The at least one processor may be further configured to execute the computer-executable instructions to: determine, based on the sample error ratio, whether the sample error ratio exceeds the target error ratio; and based on a determination that the sample error ratio exceeds the target error ratio, output an indication of bad quality.

The at least one processor may be further configured to execute the computer-executable instructions to output the indication of bad quality by: providing a message to an operator that the quality needs to be improved.

Additional aspects will be set forth in part in the description that follows and, in part, will be apparent from the description, or may be realized by practice of the presented embodiments of the disclosure.

BRIEF DESCRIPTION OF THE DRAWINGS

Features, aspects and advantages of certain exemplary embodiments of the disclosure will be described below with reference to the accompanying drawings, in which like reference numerals denote like elements, and wherein:

FIG. 1 is a diagram of example components of a device according to an example embodiment;

FIG. 2 is a flowchart diagram showing an annotated image inspection auditing process according to one or more example embodiments; and

FIG. 3 is a flowchart diagram showing an annotated image inspection result evaluation process according to one or more example embodiments.

DETAILED DESCRIPTION

The following detailed description of example embodiments refers to the accompanying drawings. The disclosure provides illustration and description, but is not intended to be exhaustive or to limit one or more example embodiments to the precise form disclosed. Modifications and variations are possible in light of the disclosure or may be acquired from practice of one or more example embodiments. Further, one or more features or components of one example embodiment may be incorporated into or combined with another example embodiment (or one or more features of another example embodiment). Additionally, in the flowcharts and descriptions of operations provided herein, it is understood that one or more operations may be omitted, one or more operations may be added, one or more operations may be performed simultaneously (at least in part), and the order of one or more operations may be switched.

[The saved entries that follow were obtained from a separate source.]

Lemma subst0_mmap1 m : mmap1 subst0_var m =
  if (x \notin vsupp m) && (y \notin vsupp m) then 'X_[m] else 0 :> P.
Proof.
rewrite /mmap1; case: ifP => [/andP [xm ym]|].
  rewrite mpolyXE_id; apply: eq_bigr => i _; rewrite /subst0_var; case: ifP => // /set2P [] ei.
    by move: xm; rewrite inE -ei enum_valK lt0n negbK => /eqP ->; rewrite !expr0.
  by move: ym; rewrite inE -ei enum_valK lt0n negbK => /eqP ->; rewrite !expr0.
move/negbT; rewrite negb_and !negbK => /orP [] zm.
  rewrite (bigD1 (enum_rank x)) //= /subst0_var enum_rankK !inE eqxx /= expr0n.
  by move: zm; rewrite inE => /lt0n_neq0 /negbTE ->; rewrite mul0r.
rewrite (bigD1 (enum_rank y)) //= /subst0_var enum_rankK !inE eqxx orbT /= expr0n.
by move: zm; rewrite inE => /lt0n_neq0 /negbTE ->; rewrite mul0r.
Qed.

Lemma subst0E p : subst0 p =
  \sum_(m <- msupp p | (x \notin vsupp m) && (y \notin vsupp m)) p@_m *: 'X_[m].
Proof.
rewrite /subst0 /mmap; elim: (msupp p) => [|m r IHr]; first by rewrite !big_nil.
rewrite !big_cons IHr subst0_mmap1; case: ifP => _; by rewrite ?mulr0 ?add0r // mul_mpolyC.
Qed.

Lemma subst0_eq0 p :
  subst0 p = 0 <-> all (fun m => (x \in vsupp m) || (y \in vsupp m)) (msupp p).
Proof.
rewrite subst0E -big_filter; set r := [seq _ <- _ | _]; split.
  have msupp_r : perm_eq (msupp (\sum_(m <- r) p@_m *: 'X_[m] : P)) r.
    apply: msupp_sumX; first by rewrite filter_uniq // msupp_uniq.
    by move=> m; rewrite mem_filter => /andP [_]; rewrite mcoeff_msupp.
  move=> p0; move: msupp_r; rewrite p0 msupp0 perm_sym => /perm_nilP r0.
  apply/allP => m mp; apply/negPn/negP => mxy.
  have : m \in r by rewrite mem_filter mp -negb_or mxy.
  by rewrite r0.
move=> /allP pxy; rewrite big1_seq // => m /andP [_].
rewrite mem_filter => /andP [/andP [xm ym] mp].
by move: (pxy m mp); rewrite (negbTE xm) (negbTE ym).
Qed.

End Substitution.

Lemma colon_cover_monomial A x y : leaves_edge e A x y ->
  forall g, colon_ideal I (cover_monomial K A) g <-> subst0 x y g = 0.
Proof.
move=> [exy xA yA uniq] g; rewrite /colon_ideal cover_monomialE cover_ideal_mulX.
rewrite vsupp_sqfree_mnm subst0_eq0; split => /allP cg; apply/allP => m mg.
  by move/vertex_coverP: (cg m mg) => /(_ x y exy); rewrite !in_setU (negbTE xA) (negbTE yA).
apply/vertex_coverP => x' y' exy'; rewrite !in_setU.
case: (boolP (x' \in A)) => //= x'A; case: (boolP (y' \in A)) => [|y'A]; first by rewrite orbT.
by case: (uniq x' y' exy' x'A y'A) => -[-> ->]; rewrite ?(orbC (y \in _)) cg.
Qed.

Lemma one_edge_vnum_witness A : leaves_one_edge e A -> vnum_witness I #|A|.
Proof.
move=> [x [y lxy]]; have colonE := colon_cover_monomial lxy.
exists (cover_monomial K A); split.
  by rewrite /homog_of_deg cover_monomialE qualifE /= msuppX /= mdeg_sqfree_mnm eqxx.
exists (colon_ideal I (cover_monomial K A)); split => //.
split; last by exists (cover_monomial K A).
split; first exact/colon_ideal_is_ideal/cover_ideal_is_ideal.
split; first by move/colonE/subst0_eq0; rewrite msupp1 /= andbT !inE !mnm0E.
move=> a b /colonE; rewrite subst0M => /eqP; rewrite mulf_eq0.
by case/orP => /eqP /colonE; [left|right].
Qed.

Lemma is_vnum_cover_ideal v : irreflexive e -> is_vnum I v <-> is_omin (one_edge_sizes e) v.
Proof.
move=> irr; rewrite is_vnumE; apply: is_omin_transfer => [d [A lA <-]|d].
  exact: one_edge_vnum_witness.
by case/(vnum_witness_one_edge irr) => A lA le; exists #|A|; first exists A.
Qed.

End CoverIdeal.

Lemma leaves_edge_setC2 (T : finType) (e : rel T) x y :
  irreflexive e -> e x y -> leaves_edge e (~: [set x; y]) x y.
Proof.
move=> irr exy; split; rewrite ?inE ?eqxx ?orbT // => x' y' exy'.
by rewrite !inE !negbK => /orP [] /eqP ex /orP [] /eqP ey; subst; auto; rewrite irr in exy'.
Qed.

Lemma card_setC2 (T : finType) (e : rel T) x y :
  irreflexive e -> e x y -> (#|~: [set x; y]| + 2 = #|T|)%N.
Proof.
move=> irr exy; have xy : x != y by apply: contraTneq exy => ->; rewrite irr.
by rewrite -(cardsC [set x; y]) cards2 xy addnC.
Qed.

Section Join.
Variables (T1 T2 : finType) (e1 : rel T1) (e2 : rel T2).
Local Notation G := (graph_join e1 e2).

Lemma cards_sum (A : {set T1 + T2}) : #|A| = (#|inl @^-1: A| + #|inr @^-1: A|)%N.
Proof.
rewrite -sum1_card big_sumType -!sum1_card.
by congr addn; apply: eq_bigl => z; rewrite inE.
Qed.

Lemma one_edge_sizes_join_l d : one_edge_sizes e1 d -> one_edge_sizes G (d + #|T2|).
Proof.
move=> [A1 [x [y [exy xA yA uniq]]] <-].
exists [set z | if z is inl u then u \in A1 else true]; last first.
  rewrite cards_sum -cardsT; congr addn; apply: eq_card => z; by rewrite !inE.
exists (inl x), (inl y); split; rewrite ?inE //.
move=> [x'|x'] [y'|y'] //=; rewrite !inE // => exy' x'A y'A.
by case: (uniq x' y' exy' x'A y'A) => -[-> ->]; auto.
Qed.

Lemma one_edge_sizes_join_r d : one_edge_sizes e2 d -> one_edge_sizes G (d + #|T1|).
Proof.
move=> [A2 [x [y [exy xA yA uniq]]] <-].
exists [set z | if z is inr u then u \in A2 else true]; last first.
  rewrite cards_sum addnC -cardsT; congr addn; apply: eq_card => z; by rewrite !inE.
exists (inr x), (inr y); split; rewrite ?inE //.
move=> [x'|x'] [y'|y'] //=; rewrite !inE // => exy' x'A y'A.
by case: (uniq x' y' exy' x'A y'A) => -[-> ->]; auto.
Qed.

Lemma leaves_one_edge_restrict_l (A : {set T1 + T2}) :
  (forall z, inr z \in A) -> leaves_one_edge G A -> leaves_one_edge e1 (inl @^-1: A).
Proof.
move=> allA [[x|x] [[y|y] [/= exy xA yA uniq]]]; rewrite ?allA // in xA yA.
exists x, y; split; rewrite ?inE // => x' y' exy'; rewrite !inE => x'A y'A.
by case: (uniq (inl x') (inl y') exy' x'A y'A) => -[[->] [->]]; auto.
Qed.

Lemma leaves_one_edge_restrict_r (A : {set T1 + T2}) :
  (forall z, inl z \in A) -> leaves_one_edge G A -> leaves_one_edge e2 (inr @^-1: A).
Proof.
move=> allA [[x|x] [[y|y] [/= exy xA yA uniq]]]; rewrite ?allA // in xA yA.
exists x, y; split; rewrite ?inE // => x' y' exy'; rewrite !inE => x'A y'A.
by case: (uniq (inr x') (inr y') exy' x'A y'A) => -[[->] [->]]; auto.
Qed.

Lemma leaves_one_edge_cross (A : {set T1 + T2}) x1 y2 : leaves_one_edge G A ->
  inl x1 \notin A -> inr y2 \notin A -> A = ~: [set inl x1; inr y2].
Proof.
move=> [a [b [_ _ _ uniq]]] x1A y2A; apply/setP => z; rewrite !inE.
apply/idP/idP => [zA|]; first by apply/norP; split; apply: contraTneq zA => ->.
apply: contraR => zA; have h := uniq (inl x1) (inr y2) isT x1A y2A.
case: z zA => u uA.
  suff -> : inl u = inl x1 :> T1 + T2 by rewrite eqxx.
  by case: h (uniq (inl u) (inr y2) isT uA y2A) => [[? ?]|[? ?]] [[? ?]|[? ?]]; congruence.
suff -> : inr u = inr y2 :> T1 + T2 by rewrite eqxx orbT.
by case: h (uniq (inl x1) (inr u) isT x1A uA) => [[? ?]|[? ?]] [[? ?]|[? ?]]; congruence.
Qed.

Lemma join_edgeless_complete_multipartite (x1 : T1) (y2 : T2) :
  discrete_graph e1 -> discrete_graph e2 -> complete_multipartite G.
Proof.
move=> no1 no2; exists 2, (fun z => if z is inl _ then ord0 else ord_max); split => //.
split; first by case=> -[|[|//]] lt; [exists (inl x1) | exists (inr y2)]; apply: val_inj.
by move=> [x|x] [y|y] /=; rewrite ?no1 ?no2.
Qed.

It will be apparent that example embodiments of systems and/or methods and/or non-transitory computer readable storage mediums described herein may be implemented in different forms of hardware, firmware, or a combination of hardware and software. The actual specialized control hardware or software code used to implement these systems and/or methods is not limiting of one or more example embodiments. Thus, the operation and behavior of the systems and/or methods and/or non-transitory computer readable storage mediums are described herein without reference to specific software code. It is understood that software and hardware may be designed to implement the systems and/or methods based on the descriptions herein.

Even though particular combinations of features are recited in the claims and/or disclosed in the specification, these combinations are not intended to limit the disclosure of possible example embodiments. In fact, many of these features may be combined in ways not specifically recited in the claims and/or disclosed in the specification. Although each dependent claim listed below may directly depend on only one claim, the disclosure of possible example embodiments includes each dependent claim in combination with every other claim in the claim set.

No element, act, or instruction used herein should be construed as critical or essential unless explicitly described as such. Also, as used herein, the articles “a” and “an” are intended to include one or more items, and may be used interchangeably with “one or more.” Where only one item is intended, the term “one” or similar language is used. Also, as used herein, the terms “has,” “have,” “having,” “include,” “including,” or the like are intended to be open-ended terms. Further, the phrase “based on” is intended to mean “based, at least in part, on” unless explicitly stated otherwise. Furthermore, expressions such as “at least one of [A] and [B]” or “at least one of [A] or [B]” are to be understood as including only A, only B, or both A and B.

FIG. 1 is a diagram of example components of an image annotation auditing device 100. As shown in FIG. 1, image annotation auditing device 100 may include a bus 110, a processor 120, a memory 130, a storage component 140, an input component 150, an output component 160, and a communication interface 170.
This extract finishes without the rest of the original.